Note each line of the entries that includes "Require". Then copy those lines.

» Input data
◆ ◆ ◆ ◆
(* Let two vehicles $i$ and $j$ move in the plane according to dynamics $(\dot{\boldsymbol\xi},\dot{\boldsymbol\zeta})^{\mathsf T}=F(t,\boldsymbol\xi,\boldsymbol\zeta)$ with bounded velocity and acceleration, as described in the context. Fix a time $t_\circ$ and assume that, for $t\ge t_\circ$, the trajectory $t\mapsto \mathbf p_k(t)$ of each vehicle $k\in\{i,j\}$ is given either by the straight-line model or by the circular model described in the context. Let $d_{ij}(t)=\|\mathbf p_i(t)-\mathbf p_j(t)\|_2$, let $\phi>0$, and let $$\mathcal T_S=\inf\{t\ge t_\circ:\ d_{ij}(t)-\phi\le 0\}.$$ If $\mathcal T_S<\infty$, then there exists $\check t$ with $t_\circ\le \check t<\mathcal T_S$ such that $t\mapsto d_{ij}(t)-\phi$ is strictly decreasing on $[\check t,\mathcal T_S)$.
   Context: Each vehicle has position $\boldsymbol\xi(t)\in\mathbb R^2$ and velocity $\boldsymbol\zeta(t)\in\mathbb R^2$ obeying $(\dot{\boldsymbol\xi},\dot{\boldsymbol\zeta})^{\mathsf T}=F(t,\boldsymbol\xi,\boldsymbol\zeta)$ with $F:\mathbb R_+\times\mathbb R^2\times\mathbb R^2\to\mathbb R^4$ smooth enough that the solution exists uniquely up to the collision time $\mathcal T$, and with $\boldsymbol\zeta\in C^1([0,\mathcal T);B(0,v_{\max}))$, $\dot{\boldsymbol\zeta}\in C([0,\mathcal T);B(0,a_{\max}))$ (bounded velocity and acceleration; $B(x,r)$ is the open Euclidean ball). Vehicles are modeled as disks of common diameter $\phi$, so a collision means $d_{ij}\le\phi$. At time $t_\circ$ set $(\mathbf p_\circ,\mathbf v_\circ,\mathbf a_\circ)=(\boldsymbol\xi(t_\circ),\boldsymbol\zeta(t_\circ),\dot{\boldsymbol\zeta}(t_\circ))$ for each vehicle, $\mathbf v_*=\mathbf v_\circ/\|\mathbf v_\circ\|_2=(v_{*x},v_{*y})$, $\mathbf v_\perp=(-v_{*y},v_{*x})$, longitudinal acceleration $a_f=\mathbf a_\circ\cdot\mathbf v_*$ and lateral acceleration $a_s=\mathbf a_\circ\cdot\mathbf v_\perp$. Straight-line model (used when $a_s$ is zero or negligible): $\mathbf p(t)=\mathbf p_\circ+\mathbf v_\circ(t-t_\circ)+\tfrac12\mathbf a_\circ(t-t_\circ)^2$, $\mathbf v(t)=\mathbf v_\circ+\mathbf a_\circ(t-t_\circ)$, $\mathbf a(t)\equiv\mathbf a_\circ$. Circular model (used when $a_s\neq0$): $r=\|\mathbf v_\circ\|_2^2/|a_s|$, $\omega_0=a_s/\|\mathbf v_\circ\|_2$, center $\mathbf c=\mathbf p_\circ+r\,\mathrm{sgn}(a_s)\mathbf v_\perp$, initial phase $\alpha_0=\mathrm{sgn}(p_{\circ,y}-c_y)\arccos\big((p_{\circ,x}-c_x)/r\big)$, where $\mathrm{sgn}(z)=1$ if $z\ge0$ and $-1$ otherwise; $\omega(t)=\min\{0,\omega_0+\tfrac{a_f}{2r}(t-t_\circ)\}$ if $\omega_0<0$ and $\omega(t)=\max\{0,\omega_0+\tfrac{a_f}{2r}(t-t_\circ)\}$ if $\omega_0>0$; and $\mathbf p(t)=\mathbf c+r\big(\cos(\alpha_0+\omega(t)(t-t_\circ)),\ \sin(\alpha_0+\omega(t)(t-t_\circ))\big)$ for $t\ge t_\circ$. *)

From Stdlib Require Import Reals Lra.
Open Scope R_scope.

Definition vec : Type := (R * R)%type.

Definition vadd (u w : vec) : vec := (fst u + fst w, snd u + snd w).
Definition vsub (u w : vec) : vec := (fst u - fst w, snd u - snd w).
Definition vscale (k : R) (u : vec) : vec := (k * fst u, k * snd u).
Definition vdot (u w : vec) : R := fst u * fst w + snd u * snd w.
Definition vnorm (u : vec) : R := sqrt (fst u ^ 2 + snd u ^ 2).

Definition sgn (z : R) : R := if Rle_dec 0 z then 1 else -1.

Definition vstar (v0 : vec) : vec := vscale (/ vnorm v0) v0.
Definition vperp (v0 : vec) : vec := (- snd (vstar v0), fst (vstar v0)).
Definition a_f (v0 a0 : vec) : R := vdot a0 (vstar v0).
Definition a_s (v0 a0 : vec) : R := vdot a0 (vperp v0).

Definition straight_pos (t0 : R) (p0 v0 a0 : vec) (t : R) : vec :=
  vadd p0 (vadd (vscale (t - t0) v0) (vscale (/ 2 * (t - t0) ^ 2) a0)).

Definition circ_r (v0 a0 : vec) : R := vnorm v0 ^ 2 / Rabs (a_s v0 a0).
Definition circ_omega0 (v0 a0 : vec) : R := a_s v0 a0 / vnorm v0.
Definition circ_center (p0 v0 a0 : vec) : vec :=
  vadd p0 (vscale (circ_r v0 a0 * sgn (a_s v0 a0)) (vperp v0)).
Definition circ_alpha0 (p0 v0 a0 : vec) : R :=
  let c := circ_center p0 v0 a0 in
  sgn (snd p0 - snd c) * acos ((fst p0 - fst c) / circ_r v0 a0).
Definition circ_omega (t0 : R) (v0 a0 : vec) (t : R) : R :=
  let w := circ_omega0 v0 a0 + a_f v0 a0 / (2 * circ_r v0 a0) * (t - t0) in
  if Rlt_dec (circ_omega0 v0 a0) 0 then Rmin 0 w else Rmax 0 w.
Definition circ_pos (t0 : R) (p0 v0 a0 : vec) (t : R) : vec :=
  let th := circ_alpha0 p0 v0 a0 + circ_omega t0 v0 a0 t * (t - t0) in
  vadd (circ_center p0 v0 a0) (vscale (circ_r v0 a0) (cos th, sin th)).

Inductive model : Type := Straight | Circular.

Definition model_ok (m : model) (v0 a0 : vec) : Prop :=
  match m with Straight => True | Circular => a_s v0 a0 <> 0 end.

Definition model_pos (m : model) (t0 : R) (p0 v0 a0 : vec) (t : R) : vec :=
  match m with
  | Straight => straight_pos t0 p0 v0 a0 t
  | Circular => circ_pos t0 p0 v0 a0 t
  end.

Definition is_glb (S : R -> Prop) (m : R) : Prop :=
  (forall x, S x -> m <= x) /\ (forall b, (forall x, S x -> b <= x) -> b <= m).

(* Near any instant T, each predicted trajectory agrees on a one-sided
   neighbourhood of T with a pair of entire functions of t - T: the straight-line
   model is quadratic in t, and in the circular model the clamped angular velocity
   (a min or max of 0 and an affine function) is affine on each side of T, so the
   phase is quadratic. Hence the squared distance D = d^2 agrees just left of T_S
   with an entire function g of t - T_S, while D(T_S) <= phi^2 < D(t) for
   t0 <= t < T_S, the first inequality by continuity from the right. So g is not
   constant, g'(h) = h^k c(h) with c(0) <> 0 has a constant sign on some (-e, 0),
   and that sign is negative because g(-e/2) > g(0): D, hence d, is strictly
   decreasing just before T_S. *)

From Stdlib Require Import Reals Lra Lia Classical.
From Coquelicot Require Import Coquelicot.
Open Scope R_scope.

Definition entire (f : R -> R) : Prop :=
  exists a, CV_radius a = p_infty /\ forall x, f x = PSeries a x.

Lemma is_lim_seq_bounded (u : nat -> R) (l : R) :
  is_lim_seq u l -> exists M, forall n, Rabs (u n) <= M.
Proof.
  intros Hu. apply is_lim_seq_Reals, cv_cvabs in Hu.
  destruct (cauchy_bound _ (CV_Cauchy _ (exist _ _ Hu))) as [M HM].
  exists M. intros n. apply HM. exists n. reflexivity.
Qed.

Lemma CV_radius_infinite (a : nat -> R) :
  (forall x, ex_pseries a x) -> CV_radius a = p_infty.
Proof.
  intros Ha.
  assert (Hle : forall r : R, Rbar_le r (CV_radius a)).
  { intros r. apply (proj1 (CV_radius_bounded a)).
    apply (is_lim_seq_bounded _ 0), ex_series_lim_0, ex_pseries_R, Ha. }
  destruct (CV_radius a) as [r| |]; try reflexivity.
  - specialize (Hle (r + 1)). simpl in Hle. lra.
  - destruct (Hle 0).
Qed.

Lemma CV_radius_infinite_inside (a : nat -> R) (x : R) :
  CV_radius a = p_infty -> Rbar_lt (Rabs x) (CV_radius a).
Proof. intros ->. exact I. Qed.

Lemma CV_radius_decr_n (a : nat -> R) (n : nat) :
  CV_radius (PS_decr_n a n) = CV_radius a.
Proof.
  induction n as [|n IHn].
  - apply CV_radius_ext. intros k. reflexivity.
  - rewrite <- IHn, <- (CV_radius_decr_1 (PS_decr_n a n)).
    apply CV_radius_ext. intros k. unfold PS_decr_n, PS_decr_1. f_equal. lia.
Qed.

Lemma entire_ext (f g : R -> R) : entire f -> (forall x, f x = g x) -> entire g.
Proof.
  intros [a [Ha Hf]] Hfg. exists a. split; [exact Ha|].
  intros x. rewrite <- Hfg. apply Hf.
Qed.

Lemma entire_of_is_pseries (f : R -> R) (a : nat -> R) :
  (forall x, is_pseries a x (f x)) -> entire f.
Proof.
  intros Ha. exists a. split.
  - apply CV_radius_infinite. intros x. eexists. apply Ha.
  - intros x. symmetry. apply is_pseries_unique, Ha.
Qed.

Lemma entire_is_pseries (f : R -> R) :
  entire f -> exists a, forall x, Rbar_lt (Rabs x) (CV_radius a) /\ is_pseries a x (f x).
Proof.
  intros [a [Ha Hf]]. exists a. intros x.
  assert (Hx := CV_radius_infinite_inside a x Ha). split; [exact Hx|].
  rewrite Hf. apply PSeries_correct, CV_radius_inside, Hx.
Qed.

Lemma entire_plus (f g : R -> R) : entire f -> entire g -> entire (fun x => f x + g x).
Proof.
  intros Hf Hg.
  destruct (entire_is_pseries f Hf) as [a Ha], (entire_is_pseries g Hg) as [b Hb].
  apply (entire_of_is_pseries _ (PS_plus a b)). intros x.
  apply (is_pseries_plus a b); [apply Ha|apply Hb].
Qed.

Lemma entire_mult (f g : R -> R) : entire f -> entire g -> entire (fun x => f x * g x).
Proof.
  intros Hf Hg.
  destruct (entire_is_pseries f Hf) as [a Ha], (entire_is_pseries g Hg) as [b Hb].
  apply (entire_of_is_pseries _ (PS_mult a b)). intros x.
  apply is_pseries_mult; try apply Ha; apply Hb.
Qed.

Lemma entire_scal (c : R) (f : R -> R) : entire f -> entire (fun x => c * f x).
Proof.
  intros Hf. destruct (entire_is_pseries f Hf) as [a Ha].
  apply (entire_of_is_pseries _ (PS_scal c a)). intros x.
  apply (is_pseries_scal c a); [apply Rmult_comm|apply Ha].
Qed.

Lemma entire_minus (f g : R -> R) : entire f -> entire g -> entire (fun x => f x - g x).
Proof.
  intros Hf Hg. apply (entire_ext (fun x => f x + -1 * g x)).
  - apply entire_plus, entire_scal; assumption.
  - intros x. ring.
Qed.

Lemma entire_comp_scal (k : R) (f : R -> R) : entire f -> entire (fun x => f (k * x)).
Proof.
  intros Hf. destruct (entire_is_pseries f Hf) as [a Ha].
  apply (entire_of_is_pseries _ (fun n => k ^ n * a n)). intros x.
  assert (H := proj2 (Ha (k * x))). apply is_pseries_R in H. apply is_pseries_R.
  eapply is_series_ext; [|exact H]. intros n. simpl. rewrite Rpow_mult_distr. ring.
Qed.

Lemma is_pseries_const_0 (x : R) : is_pseries (fun _ : nat => 0) x 0.
Proof.
  assert (H : Rbar_lt (Rabs x) (CV_radius (fun _ : nat => 0)))
    by (rewrite CV_radius_const_0; exact I).
  apply CV_radius_inside, PSeries_correct in H. rewrite PSeries_const_0 in H. exact H.
Qed.

Definition PS_const (c : R) (n : nat) : R := match n with O => c | S _ => 0 end.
◆ ◆ ◆ ◆
» Problem solution
From Stdlib Require Import Reals Lra.
From Stdlib Require Import Reals Lra Lia Classical.
From Coquelicot Require Import Coquelicot.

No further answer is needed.